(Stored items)
Definition max_hub_policy (R : realType) n (e : rel 'I_n) : {set 'I_n} -> 'I_n -> R :=
  if [pick v | deg e v == dmax e] is Some h then hub_policy R h else fun _ _ => 0.

Lemma max_hub_policy_is_policy (R : realType) n (e : rel 'I_n) :
  is_policy 2 (max_hub_policy R e).
Proof.
rewrite /max_hub_policy; case: pickP => [h _|_]; first exact: hub_policy_is_policy.
by split=> //; split=> // S; rewrite big1.
Qed.

Lemma ET_max_hub_policy (R : realType) n (e : rel 'I_n) (beta : R) (K : nat)
    (A : {set 'I_n}) :
  (0 < n)%N -> simple_graph e -> 0 <= beta ->
  (2 * K <= dmax e)%N -> 2 * (K.+1)%:R ^+ 2 <= beta * (dmax e)%:R ->
  A != set0 -> ((K%:R / 8)%:E <= ET e beta (max_hub_policy R e) A)%E.
Proof.
move=> n_gt0 [e_sym e_irr] beta_ge0 K_le_deg beta_deg_ge A0; rewrite /max_hub_policy.
case: pickP => [h /eqP hub|no_hub]; last first.
  have [v v_max] := @bigop.eq_bigmax 'I_n (deg e) (ltac:(by rewrite card_ord)).
  by move: (no_hub v); rewrite /dmax v_max eqxx.
rewrite -hub in K_le_deg beta_deg_ge.
exact: ET_hub_policy.
Qed.

Lemma powR_lower_bounds (R : realType) (alpha eps c1 c2 c kap x d b : R) :
  0 < c1 -> 0 < c2 -> 0 <= c -> c <= c1 -> c <= c1 * c2 ->
  kap <= alpha -> kap <= alpha * eps -> 1 <= x ->
  c1 * x `^ alpha <= d -> c2 * x `^ (- (alpha * (1 - eps))) <= b ->
  c * x `^ kap <= d /\ c * x `^ kap <= b * d.
Proof.
move=> c1_gt0 c2_gt0 c_ge0 c_c1 c_c12 kap_alpha kap_eps x1 hd hb.
have x0 : 0 < x by lra.
have xk_ge0 := powR_ge0 x kap.
split; first by apply: le_trans hd; apply: ler_pM => //; exact: ler_powR.
have bd : c1 * c2 * x `^ (alpha * eps) <= b * d.
  have -> : c1 * c2 * x `^ (alpha * eps) =
      c2 * x `^ (- (alpha * (1 - eps))) * (c1 * x `^ alpha).
    rewrite mulrACA [c1 * c2]mulrC -powRD; last by apply/implyP => _; rewrite gt_eqF.
    by congr (_ * _ `^ _); ring.
  by apply: ler_pM => //; rewrite mulr_ge0 ?powR_ge0 ?ltW.
by apply: le_trans bd; apply: ler_pM => //; exact: ler_powR.
Qed.

Lemma powR_eventually_ge (R : realType) (a C lam : R) : 0 <= a -> 0 < C -> 0 < lam ->
  forall n : nat, (Num.truncn ((a / C) `^ lam^-1) < n)%N -> a <= C * n%:R `^ lam.
Proof.
move=> a_ge0 C_gt0 lam_gt0 n n_large.
set w := (a / C) `^ lam^-1.
have w_le : w <= n%:R.
  by apply/ltW/(lt_le_trans (truncnS_gt w)); rewrite ler_nat.
have : w `^ lam <= n%:R `^ lam.
  by apply: ge0_ler_powR; rewrite ?nnegrE ?powR_ge0 ?(ltW lam_gt0).
rewrite /w -powRrM mulVf ?gt_eqF // powRr1 ?divr_ge0 ?(ltW C_gt0) //.
by rewrite ler_pdivrMr // [C * _]mulrC.
Qed.

Lemma level_bounds (R : realFieldType) (c y k d bd : R) :
  0 < c <= 1 -> 1 <= y -> 6 <= c * y -> k <= c * y / 3 < k + 1 -> 0 <= k ->
  c * (y * y) <= d -> c * (y * y) <= bd ->
  [/\ 2 * k <= d, 2 * (k + 1) ^+ 2 <= bd & c / 48 * y <= k / 8].
Proof.
move=> /andP[c_gt0 c_le1] y_ge1 cy_ge6 /andP[k_le k_gt] k_ge0 d_ge bd_ge.
have cy_le : c * y <= c * (y * y).
  by apply: ler_wpM2l; [exact: ltW | rewrite ler_peMr //; lra].
have sq_le : (k + 1) ^+ 2 <= (c * y / 2) ^+ 2.
  by rewrite lerXn2r ?nnegrE //; lra.
have c2_le : (c * y / 2) ^+ 2 <= c * (y * y) / 4.
  have -> : (c * y / 2) ^+ 2 = c * (c * (y * y)) / 4 by field.
  have y_ge0 : 0 <= y by lra.
  by rewrite ler_wpM2r // ler_piMl // !mulr_ge0 // ltW.
rewrite mulrAC; move: cy_ge6 k_le k_gt d_ge bd_ge cy_le sq_le c2_le.
set t := c * y; set u := c * (y * y); set s := (k + 1) ^+ 2; set v := _ ^+ 2.
by clearbody t u s v => *; split; lra.
Qed.

(* Take K ~ c n^lam / 3 with 2 lam = alpha min(1, eps): then both d and
   beta d are at least c n^(2 lam). *)
Lemma hub_level_exists (R : realType) (alpha eps c1 c2 : R) :
  0 < alpha -> 0 < eps -> 0 < c1 -> 0 < c2 ->
  exists lam : R, 0 < lam /\ exists C : R, 0 < C /\ exists N : nat,
  forall (n d : nat) (b : R), (N <= n)%N ->
    c1 * n%:R `^ alpha <= d%:R -> c2 * n%:R `^ (- (alpha * (1 - eps))) <= b ->
    exists K : nat, [/\ (2 * K <= d)%N, 2 * (K.+1)%:R ^+ 2 <= b * d%:R
                      & C * n%:R `^ lam <= K%:R / 8].
Proof.
move=> alpha_gt0 eps_gt0 c1_gt0 c2_gt0.
pose c := Num.min (Num.min c1 (c1 * c2)) 1.
pose kap := alpha * Num.min 1 eps.
have c_gt0 : 0 < c by rewrite !lt_min c1_gt0 mulr_gt0 ?ltr01.
have c_le1 : c <= 1 by rewrite ge_min lexx orbT.
have c_c1 : c <= c1 by rewrite !ge_min lexx.
have c_c12 : c <= c1 * c2 by rewrite !ge_min lexx orbT.
have kap_alpha : kap <= alpha by apply: ler_piMr; [exact: ltW | rewrite ge_min lexx].
have kap_eps : kap <= alpha * eps.
  by apply: ler_wpM2l; [exact: ltW | rewrite ge_min lexx orbT].
have lam_gt0 : 0 < kap / 2 by rewrite divr_gt0 // mulr_gt0 // lt_min ltr01.
exists (kap / 2); split => //; exists (c / 48); split; first by rewrite divr_gt0.
exists (Num.truncn ((6 / c) `^ (kap / 2)^-1)).+1 => n d b n_large hd hb.
have n_ge1 : 1 <= n%:R :> R by rewrite ler1n; apply: leq_trans n_large.
set y := n%:R `^ (kap / 2).
have yy : y * y = n%:R `^ kap.
  rewrite /y -powRD; first by congr (_ `^ _); field.
  by apply/implyP => _; rewrite gt_eqF // (lt_le_trans ltr01 n_ge1).
have y_ge1 : 1 <= y by have := ler_powR n_ge1 (ltW lam_gt0); rewrite powRr0.
have [d_ge bd_ge] := powR_lower_bounds c1_gt0 c2_gt0 (ltW c_gt0) c_c1 c_c12
  kap_alpha kap_eps n_ge1 hd hb.
rewrite -yy in d_ge bd_ge.
have cy_ge6 : 6 <= c * y by apply: powR_eventually_ge.
set k := Num.truncn (c * y / 3); exists k.
have c01 : 0 < c <= 1 by rewrite c_gt0 c_le1.
have k_bounds : k%:R <= c * y / 3 < k%:R + 1.
  apply/andP; split; first by rewrite truncn_le; lra.
  by have := truncnS_gt (c * y / 3); rewrite -[(Num.truncn _).+1]addn1 natrD.
have [k_d k_bd k_C] := level_bounds c01 y_ge1 cy_ge6 k_bounds (ler0n _ _) d_ge bd_ge.
split => //; first by rewrite -(ler_nat R) natrM.
by rewrite -[(k.+1)%:R]natr1.
Qed.

Theorem theorem3 (R : realType) (e : forall n : nat, rel 'I_n) (beta : nat -> R)
    (A : forall n : nat, {set 'I_n}) :
  (forall n, simple_graph (e n)) ->
  (forall n, 0 <= beta n) ->
  (forall n, (0 < n)%N -> A n != @finset.set0 _) ->
  (exists alpha : R, 0 < alpha /\
     (exists c : R, 0 < c /\ exists N : nat, forall n : nat, (N <= n)%N ->
        c * (n%:R `^ alpha) <= (dmax (e n))%:R) /\
     (exists eps : R, 0 < eps /\ exists c : R, 0 < c /\ exists N : nat,
        forall n : nat, (N <= n)%N ->
        c * (n%:R `^ (- (alpha * (1 - eps)))) <= beta n)) ->
  exists M : R, exists L : forall n : nat, {set 'I_n} -> 'I_n -> R,
    (forall n, is_policy M (L n)) /\
    exists lam : R, 0 < lam /\ exists C : R, 0 < C /\ exists N : nat,
      forall n : nat, (N <= n)%N ->
        ((C * (n%:R `^ lam))%:E <= ET (e n) (beta n) (L n) (A n))%E.
Proof.
move=> e_simple beta_ge0 A0
  [alpha [alpha_gt0 [[c1 [c1_gt0 [N1 hd]]] [eps [eps_gt0 [c2 [c2_gt0 [N2 hb]]]]]]]].
have [lam [lam_gt0 [C [C_gt0 [N0 level]]]]] :=
  hub_level_exists alpha_gt0 eps_gt0 c1_gt0 c2_gt0.
exists 2, (fun n => max_hub_policy R (e n)); split=> [n|].
  exact: max_hub_policy_is_policy.
exists lam; split=> //; exists C; split=> //.
exists (maxn (maxn N0 1) (maxn N1 N2)) => n.
rewrite !geq_max => /andP[/andP[nN0 n_gt0] /andP[nN1 nN2]].
have [K [K_le_deg beta_deg_ge C_le]] := level n _ _ nN0 (hd n nN1) (hb n nN2).
apply: le_trans (ET_max_hub_policy n_gt0 (e_simple n) (beta_ge0 n)
  K_le_deg beta_deg_ge (A0 n n_gt0)).
by rewrite lee_fin.
Qed.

| What the task requires |
Among the lines above, repeat exactly those from the line with "have cy_ge6 : 6" to the line with "exists M : R, exists", counting both ends.

| Result of this task |
have cy_ge6 : 6 <= c * y by apply: powR_eventually_ge.
set k := Num.truncn (c * y / 3); exists k.
have c01 : 0 < c <= 1 by rewrite c_gt0 c_le1.
have k_bounds : k%:R <= c * y / 3 < k%:R + 1.
  apply/andP; split; first by rewrite truncn_le; lra.
  by have := truncnS_gt (c * y / 3); rewrite -[(Num.truncn _).+1]addn1 natrD.
have [k_d k_bd k_C] := level_bounds c01 y_ge1 cy_ge6 k_bounds (ler0n _ _) d_ge bd_ge.
split => //; first by rewrite -(ler_nat R) natrM.
by rewrite -[(k.+1)%:R]natr1.
Qed.

Theorem theorem3 (R : realType) (e : forall n : nat, rel 'I_n) (beta : nat -> R)
    (A : forall n : nat, {set 'I_n}) :
  (forall n, simple_graph (e n)) ->
  (forall n, 0 <= beta n) ->
  (forall n, (0 < n)%N -> A n != @finset.set0 _) ->
  (exists alpha : R, 0 < alpha /\
     (exists c : R, 0 < c /\ exists N : nat, forall n : nat, (N <= n)%N ->
        c * (n%:R `^ alpha) <= (dmax (e n))%:R) /\
     (exists eps : R, 0 < eps /\ exists c : R, 0 < c /\ exists N : nat,
        forall n : nat, (N <= n)%N ->
        c * (n%:R `^ (- (alpha * (1 - eps)))) <= beta n)) ->
  exists M : R, exists L : forall n : nat, {set 'I_n} -> 'I_n -> R,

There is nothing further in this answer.